**What is expected**
If a line of the data below holds the word "destruct", list it.
----- Dataset entries
Ltac P6_components H := unfold add6, scal6, zero6 in H; simpl in H; injection H; intros.

Lemma chart_U2 : chart BB2 (fun _ => True) (fun _ _ => True) U2.
Proof.
apply chart_intro.
- exact open6_True.
- exact open2_True.
- apply smooth_on_poly2; simpl; solve_poly2.
- intros u v _; split; [now exists u, v | easy].
- intros q [u [v ->]] _; now exists u, v.
- intros u v _ al be H; rewrite dx_U2, dy_U2 in H; P6_components H; lra.
- intros u v _; exists (fun _ => True), pa, pb.
  repeat split; auto using open6_True, cont6_pa, cont6_pb.
Qed.

Lemma chart_U3 : chart BB3 (fun _ => True) (fun _ _ => True) U3.
Proof.
apply chart_intro.
- exact open6_True.
- exact open2_True.
- apply smooth_on_poly2; simpl; solve_poly2.
- intros u v _; split; [now exists u, v | easy].
- intros q [u [v ->]] _; now exists u, v.
- intros u v _ al be H; rewrite dx_U3, dy_U3 in H; P6_components H; lra.
- intros u v _; exists (fun _ => True), pa, pb.
  repeat split; auto using open6_True, cont6_pa, cont6_pb.
Qed.

Lemma U1_not_edge r s : ~ BB1_edge (U1 r s).
Proof. intros [v E]; injection E; intros; subst; lra. Qed.

Lemma local_left_inverse_U1 r s : local_left_inverse (fun _ _ => True) U1 r s.
Proof.
destruct (Req_dec r 0) as [->|Hr].
- exists (fun q => pa q <> 0), pe, (fun q => - pb q / pa q); cbn [pa pb pc pd pe pf U1].
  split; [apply open6_neq0; intro; solve_cont6|]; split; [lra|].
  split; [solve_cont6|]; split; [solve_cont6; cbn; lra|].
  intros r' s' _ Ha; split; [reflexivity | field; exact Ha].
- exists (fun q => pe q <> 0), pe, (fun q => pc q / pe q); cbn [pa pb pc pd pe pf U1].
  split; [apply open6_neq0; intro; solve_cont6|]; split; [exact Hr|].
  split; [solve_cont6|]; split; [solve_cont6; exact Hr|].
  intros r' s' _ He; split; [reflexivity | field; exact He].
Qed.

Lemma chart_U1 : chart BB1t (fun q => ~ BB1_edge q) (fun _ _ => True) U1.
Proof.
apply chart_intro.
- exact closed6_BB1_edge.
- exact open2_True.
- apply smooth_on_poly2; simpl; solve_poly2.
- intros r s _; split; [left; now exists r, s | apply U1_not_edge].
- intros q [[r [s ->]] | Hedge] Hnedge; [now exists r, s | contradiction].
- intros r s _ al be H; rewrite dx_U1, dy_U1 in H; P6_components H.
  assert (Hal : al = 0) by lra; subst al; split; [reflexivity|].
  destruct (Req_dec r 0) as [->|Hr]; nra.
- intros r s _; apply local_left_inverse_U1.
Qed.

Lemma psi_not_U1_axis t b : ~ U1_axis (psi t b).
Proof. intros [r E]; injection E; intros; subst; lra. Qed.

Lemma local_left_inverse_psi t b : local_left_inverse (fun _ _ => True) psi t b.
Proof.
destruct (Req_dec b 0) as [->|Hb].
- exists (fun q => pd q <> 0), (fun q => - pc q / pd q), pb; cbn [pa pb pc pd pe pf psi].
  split; [apply open6_neq0; intro; solve_cont6|]; split; [lra|].
  split; [solve_cont6; cbn; lra|]; split; [solve_cont6|].
  intros t' b' _ Hd; split; [field; exact Hd | reflexivity].
- exists (fun q => pb q <> 0), (fun q => - pa q / pb q), pb; cbn [pa pb pc pd pe pf psi].
  split; [apply open6_neq0; intro; solve_cont6|]; split; [exact Hb|].
  split; [solve_cont6; exact Hb|]; split; [solve_cont6|].
  intros t' b' _ Hb'; split; [field; exact Hb' | reflexivity].
Qed.

Lemma chart_psi : chart BB1t (fun q => ~ U1_axis q) (fun _ _ => True) psi.
Proof.
apply chart_intro.
- exact closed6_U1_axis.
- exact open2_True.
- apply smooth_on_poly2; simpl; solve_poly2.
- intros t b _; split; [|apply psi_not_U1_axis].
  destruct (Req_dec t 0) as [->|Ht]; [right | left; now apply psi_BB1].
  exists b; unfold psi; f_equal; ring.
- intros q [[r [s ->]] | [v ->]] Hnaxis.
  + destruct (Req_dec s 0) as [->|Hs].
    * exfalso; apply Hnaxis; exists r; unfold U1; f_equal; ring.
    * exists (1 / s), (- s * (1 + r * s ^ 2)); split; [easy|].
      unfold psi, U1; f_equal; field; exact Hs.
  + exists 0, v; split; [easy|]; unfold psi; f_equal; ring.
- intros t b _ al be H; rewrite dx_psi, dy_psi in H; P6_components H.
  assert (Hbe : be = 0) by lra; subst be; split; [|reflexivity].
  destruct (Req_dec b 0) as [->|Hb]; nra.
- intros t b _; apply local_left_inverse_psi.
Qed.

Lemma smooth_surface_BB1t : smooth_surface BB1t.
Proof.
intros p [[r [s ->]] | [v ->]].
- exists (fun q => ~ BB1_edge q), (fun _ _ => True), U1; split; [exact chart_U1 | apply U1_not_edge].
- exists (fun q => ~ U1_axis q), (fun _ _ => True), psi; split; [exact chart_psi|].
  replace (mkP6 0 v 0 1 0 0) with (psi 0 v) by (unfold psi; f_equal; ring).
  apply psi_not_U1_axis.
Qed.

Lemma BB1_edge_in_closure p : BB1_edge p -> closure6 BB1 p.
Proof.
intros [v ->] r Hr.
set (m := Rmin r 1); set (w := Rabs v); set (t := m / (2 * (1 + w))).
assert (Hm : 0 < m) by (apply Rmin_pos; lra).
assert (Hmr : m <= r) by apply Rmin_l.
assert (Hm1 : m <= 1) by apply Rmin_r.
assert (Hv : - w <= v <= w) by (apply Rabs_le_between, Rle_refl).
assert (Ht : t * (2 * (1 + w)) = m) by (unfold t; field; lra).
assert (Ht0 : 0 < t) by (unfold t; apply Rdiv_lt_0_compat; lra).
assert (Ht2 : 2 * t <= m) by nra.
assert (Hvt : - (m / 2) < v * t < m / 2) by (split; nra).
exists (psi t v); split; [apply psi_BB1; lra|].
unfold ball6, psi; cbn [pa pb pc pd pe pf].
repeat split; apply Rabs_def1; nra.
Qed.

Lemma BB1t_in_closure p : BB1t p -> closure6 BB1 p.
Proof.
intros [HB | Hedge]; [|exact (BB1_edge_in_closure p Hedge)].
intros r Hr; exists p; split; [exact HB | now apply ball6_center].
Qed.

Lemma transversal_BB2_BB3 :
  transversal_along BB2 BB3 (fun p => exists v, p = mkP6 (-1) v 0 0 0 0).
Proof.
split.
- intro p; split.
  + intros [[u [v ->]] [u' [v' E]]]; injection E; intros; subst.
    exists v'; unfold U2; f_equal; lra.
  + intros [v ->]; split; [now exists (-1), v|].
    exists (-1), v; unfold U3; f_equal; ring.
- intros p [v ->].
  apply (tangent_planes_differ _ _ (mkP6 (-1) 0 0 1 0 0) 1 _ (dx U2 (-1) v)).
  + exact (tangent_dx _ _ _ _ (-1) v chart_U2 I).
  + intros q [u [v' ->]]; unfold dot6; simpl; ring.
  + rewrite dx_U2; unfold dot6; simpl; lra.
Qed.

Lemma transversal_BB1t_BB2 :
  transversal_along BB1t BB2 (fun p => exists v, p = mkP6 1 v 0 0 0 0).
Proof.
split.
- intro p; split.
  + intros [[[r [s ->]] | [v ->]] [u' [v' E]]]; injection E; intros; subst; [|lra].
    exists (- s); unfold U1; f_equal; ring.
  + intros [v ->]; split; [|now exists 1, v].
    left; exists 0, (- v); unfold U1; f_equal; ring.
- intros p [v ->].
  apply (tangent_planes_differ _ _ (mkP6 0 0 0 0 1 0) 0 _ (dx U1 0 (- v))).
  + replace (mkP6 1 v 0 0 0 0) with (U1 0 (- v)) by (unfold U1; f_equal; ring).
    exact (tangent_dx _ _ _ _ 0 (- v) chart_U1 I).
  + intros q [u [v' ->]]; unfold dot6; simpl; ring.
  + rewrite dx_U1; unfold dot6; simpl; lra.
Qed.

Lemma transversal_BB1t_BB3 :
  transversal_along BB1t BB3 (fun p => exists v, p = mkP6 0 v 0 1 0 0).
Proof.
split.
- intro p; split.
  + intros [[[r [s ->]] | [v ->]] [u' [v' E]]]; [injection E; intros; subst; nra|].
    now exists v.
  + intros [v ->]; split; [right; now exists v|].
    exists 0, v; unfold U3; f_equal; ring.
- intros p [v ->].
  apply (tangent_planes_differ _ _ (mkP6 0 0 1 0 0 0) 0 _ (dx psi 0 v)).
  + replace (mkP6 0 v 0 1 0 0) with (psi 0 v) by (unfold psi; f_equal; ring).
    exact (tangent_dx _ _ _ _ 0 v chart_psi I).
  + intros q [u [v' ->]]; unfold dot6; simpl; ring.
  + rewrite dx_psi; unfold dot6; simpl; lra.
Qed.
----------
**Solution for this exercise**
destruct (Req_dec r 0) as [->|Hr].
  destruct (Req_dec r 0) as [->|Hr]; nra.
destruct (Req_dec b 0) as [->|Hb].
  destruct (Req_dec t 0) as [->|Ht]; [right | left; now apply psi_BB1].
  + destruct (Req_dec s 0) as [->|Hs].
  destruct (Req_dec b 0) as [->|Hb]; nra.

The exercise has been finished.